Correlated data: additional distributions
Two additional functions facilitate the generation of correlated data
from binomial, poisson, gamma, and
uniform distributions: genCorGen
and
addCorGen
.
genCorGen
is an extension of genCorData
.
These functions draw on copula-based methods to generate the data. (This
Wikipedia
page provides a general introduction and copula-based modeling can
be conducted in R
using package copula.) In the
first example, we are generating data from a multivariate Poisson
distribution. We start by specifying the mean of the Poisson
distribution for each new variable, and then we specify the correlation
structure, just as we did with the normal distribution.

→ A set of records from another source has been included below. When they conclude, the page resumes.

Lemma cvg_limits A : edgeless e A ->
  series (cont_wt A) @ \oo --> Zlim A /\
  series (fun q => q%:R * cont_wt A q) @ \oo --> Slim A.
Proof.
move: {2}#|~: A| (erefl #|~: A|) => n; elim/ltn_ind: n A => n IH A cA eA.
have IHx x : addable A x ->
    series (cont_wt (x |: A)) @ \oo --> Zlim (x |: A) /\
    series (fun q => q%:R * cont_wt (x |: A) q) @ \oo --> Slim (x |: A).
  case/andP=> xA ex; apply: (IH #|~: (x |: A)|) => //.
  by rewrite -cA; exact: card_setC_addable.
have ZA := cvg_Zlim eA (fun x ax => (IHx x ax).1).
by split => //; exact: cvg_Slim.
Qed.

End Stability.

Theorem mainTheorem5 (R : realType) (V : finType) (e : rel V) (alpha : V -> R) :
  irreflexive e -> symmetric e -> (forall x y : V, connect e x y) ->
  (forall i, 0 < alpha i) -> \sum_(i : V) alpha i = 1 ->
  (forall I : {set V}, indep e I -> asum alpha I < asum alpha (nbhd e I)) ->
  exists Z S : R,
    series (wsum e alpha) @ \oo --> Z /\
    series (fun q => q%:R * wsum e alpha q) @ \oo --> S /\
    S / Z = (1 + \sum_(I : {set V} | indep e I) TI e alpha I)^-1 *
            (\sum_(I : {set V} | indep e I) EI e alpha I).
Proof.
move=> _ _ _ alpha_gt0 _ stable.
have [cvgZ cvgS] := cvg_limits alpha_gt0 stable (edgeless0 e).
exists (Zlim e alpha set0), (Slim e alpha set0).
have -> : wsum e alpha = cont_wt e alpha set0 by apply: funext => q; exact: wsum_cont_wt.
do 2!split => //.
by rewrite /Slim /Zlim rho0 subr0 !divr1 mul0r addr0 Tall0 Eall0 mulrC.
Qed.
Lemma coef_mul_1BXn (p : {poly R}) m :
  (p * (1 - 'X^D))`_m = p`_m - (if (D <= m)%N then p`_(m - D) else 0).
Proof. by rewrite mulrBr mulr1 coefB coefMXn ltnNge; case: (D <= m)%N. Qed.

Lemma binom_series0_mul1BXn : binom_series 0 * (1 - 'X^D) = 1 %[modX N].
Proof.
move=> m hm; rewrite coef_mul_1BXn coef1 !coef_poly hm !bin0.
have [hDm | hmD] := leqP D m.
  move: hm; rewrite -(subnK hDm) addnK; move: (m - D)%N => m' hm.
  rewrite (leq_ltn_trans (leq_addr D m') hm) dvdn_addl // subrr.
  by rewrite addn_eq0 (negbTE (lt0n_neq0 D_gt0)) andbF.
have [-> | m_gt0] := posnP m; first by rewrite dvdn0 subr0.
by rewrite (gtnNdvd m_gt0 hmD) subr0.
Qed.

Lemma binom_seriesS_mul1BXn K :
  binom_series K.+1 * (1 - 'X^D) = binom_series K %[modX N].
Proof.
move=> m hm; rewrite coef_mul_1BXn !coef_poly hm.
have [hDm | hmD] := leqP D m.
  move: hm; rewrite -(subnK hDm) addnK; move: (m - D)%N => m' hm.
  rewrite (leq_ltn_trans (leq_addr D m') hm) dvdn_addl //.
  case: ifP => [hdvd | _]; last by rewrite subrr.
  rewrite divnDl // divnn D_gt0 addn1 addSn binS natrD addrC addKr.
  by rewrite addnS addSn.
have [-> | m_gt0] := posnP m; first by rewrite dvdn0 div0n !add0n !binn subr0.
by rewrite (gtnNdvd m_gt0 hmD) subr0.
Qed.

Lemma mul1BXn_binom_series K :
  (1 - 'X^D) ^+ K.+1 * binom_series K = 1 %[modX N].
Proof.
elim: K => [|K IH]; first by rewrite expr1 mulrC binom_series0_mul1BXn.
by rewrite exprS mulrAC [_ * binom_series _]mulrC binom_seriesS_mul1BXn mulrC.
Qed.

End BinomialSeries.

Section DigitSums.
Context {R : comNzRingType}.
Variable d : nat.
Hypothesis d_gt1 : (1 < d)%N.

Definition digit01 (a : nat) : bool := (a %% d == 0)%N || (a %% d == 1)%N.

Lemma digit01_block_sum y s :
  \sum_(y * d <= a < y.+1 * d) (if digit01 a then 'X^(s * a) else 0 : {poly R}) =
  (1 + 'X^s) * ('X^(s * d)) ^+ y.
Proof.
have d_gt0 : (0 < d)%N by apply: ltnW.
rewrite -{1}[(y * d)%N]add0n big_addn mulSn addnK.
rewrite big_ltn // big_ltn // big_nat_cond big1 => [|r /andP [/andP [r_gt1 r_ltd] _]].
  rewrite /digit01 add0n modnMl eqxx [(1 + _)%N]addnC modnMDl modn_small // eqxx orbT.
  rewrite addr0 mulrDl mul1r -!exprM -exprD.
  by congr (_ ^+ _ + _ ^+ _); ring.
rewrite /digit01 addnC modnMDl modn_small //.
by case: r r_gt1 {r_ltd} => [|[|r]].
Qed.

Lemma digit01_sum_mul1BXn s N : (0 < s)%N ->
  (\sum_(a < N) (if digit01 a then 'X^(s * a) else 0 : {poly R})) * (1 - 'X^(s * d))
  = 1 + 'X^s %[modX N].
Proof.
move=> s_gt0; have d_gt0 : (0 < d)%N by apply: ltnW.
pose F a : {poly R} := if digit01 a then 'X^(s * a) else 0.
have tail : \sum_(N <= a < N * d) F a = 0 %[modX N].
  rewrite big_nat_cond; transitivity (\sum_(N <= a < N * d | (N <= a < N * d)%N && true)
    (0 : {poly R})); last by rewrite big1.
  apply: eqmodX_sum => a /andP [/andP [ha _] _]; rewrite /F; case: ifP => // _.
  by apply: eqmodX_Xn0; apply: leq_trans ha (leq_pmull a s_gt0).
have geom : (\sum_(y < N) 'X^(s * d) ^+ y) * (1 - 'X^(s * d)) =
    1 - 'X^(s * d) ^+ N :> {poly R}.
  by rewrite mulrC -opprB mulNr -subrX1 opprB.
have high : ('X^(s * d) ^+ N : {poly R}) = 0 %[modX N].
  by rewrite -exprM; apply: eqmodX_Xn0; rewrite leq_pmull // muln_gt0 s_gt0.
have widen : \sum_(0 <= a < N) F a = \sum_(0 <= a < N * d) F a %[modX N].
  by rewrite (big_cat_nat (leq0n N) (leq_pmulr N d_gt0)) /= tail addr0.
rewrite -(big_mkord xpredT F) widen.
rewrite big_nat_mul (eq_bigr _ (fun y _ => digit01_block_sum y s)) -mulr_sumr -mulrA.
by rewrite big_mkord geom high subr0 mulr1.
Qed.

l <- c(8, 10, 12) # lambda for each new variable
dx <- genCorGen(1000, nvars = 3, params1 = l, dist = "poisson", rho = .3, corstr = "cs", wide = TRUE)
dx
## Key: <id>
## id V1 V2 V3
## <int> <num> <num> <num>
## 1: 1 5 16 13
## 2: 2 9 9 6
## 3: 3 7 11 18
## 4: 4 11 14 12
## 5: 5 10 8 15
## ---
## 996: 996 3 2 5
## 997: 997 6 14 11
## 998: 998 6 8 12
## 999: 999 10 12 11
## 1000: 1000 9 9 12
round(cor(as.matrix(dx[, .(V1, V2, V3)])), 2)
## V1 V2 V3
## V1 1.0 0.30 0.30
## V2 0.3 1.00 0.24
## V3 0.3 0.24 1.00
We can also generate correlated binary data by specifying the
probabilities:
genCorGen(1000, nvars = 3, params1 = c(.3, .5, .7), dist = "binary", rho = .8, corstr = "cs", wide = TRUE)
## Key: <id>
## id V1 V2 V3
## <int> <num> <num> <num>
## 1: 1 0 1 1
## 2: 2 0 1 1
## 3: 3 0 0 1
## 4: 4 1 1 1
## 5: 5 0 1 1
## ---
## 996: 996 0 0 1
## 997: 997 1 1 1
## 998: 998 0 0 0
## 999: 999 0 0 1
## 1000: 1000 0 0 0
The gamma distribution requires two parameters - the mean and
dispersion. (These are converted into shape and rate parameters more
commonly used.)
dx <- genCorGen(1000, nvars = 3, params1 = l, params2 = c(1,1,1), dist = "gamma", rho = .7, corstr = "cs", wide = TRUE, cnames="a, b, c")
dx
## Key: <id>
## id a b c
## <int> <num> <num> <num>
## 1: 1 4.137889e+00 1.9736693 5.73317661
## 2: 2 6.230611e-04 0.1790216 0.01098133
## 3: 3 9.554613e+00 21.3956071 30.07914569
## 4: 4 1.053229e+01 6.8598915 7.47104860
## 5: 5 2.556925e+01 22.8862611 17.32239223
## ---
## 996: 996 2.635737e+00 0.9269903 1.22333746
## 997: 997 1.638308e+00 12.0692638 13.01943662
## 998: 998 3.492819e+00 4.1504352 2.37403911
## 999: 999 9.336809e+00 21.2184483 25.17933311
## 1000: 1000 2.044966e+01 32.3326247 23.81715119
round(cor(as.matrix(dx[, .(a, b, c)])), 2)
## a b c
## a 1.00 0.63 0.67
## b 0.63 1.00 0.67
## c 0.67 0.67 1.00
These data sets can be generated in either wide or
long form. So far, we have generated wide form data,
where there is one row per unique id. Now, we will generate data using
the long form, where the correlated data are on different rows,
so that there are repeated measurements for each id. An id will have
multiple records (i.e. one id will appear on multiple rows):
dx <- genCorGen(1000, nvars = 3, params1 = l, params2 = c(1,1,1), dist = "gamma", rho = .7, corstr = "cs", wide = FALSE, cnames="NewCol")
dx
## Key: <id>
## id period NewCol
## <int> <num> <num>
## 1: 1 0 0.08868527
## 2: 1 1 0.17558015
## 3: 1 2 0.35553817
## 4: 2 0 2.41522425
## 5: 2 1 0.99489378
## ---
## 2996: 999 1 4.62541703
## 2997: 999 2 0.73199287
## 2998: 1000 0 3.52197152
## 2999: 1000 1 7.43262675
## 3000: 1000 2 8.36619208
addCorGen
allows us to create correlated data from an
existing data set, as one can already do using addCorData
.
In the case of addCorGen
, the parameter(s) used to define
the distribution are created as a field (or fields) in the dataset. The
correlated data are added to the existing data set. In the example
below, we are going to generate three sets (poisson, binary, and gamma)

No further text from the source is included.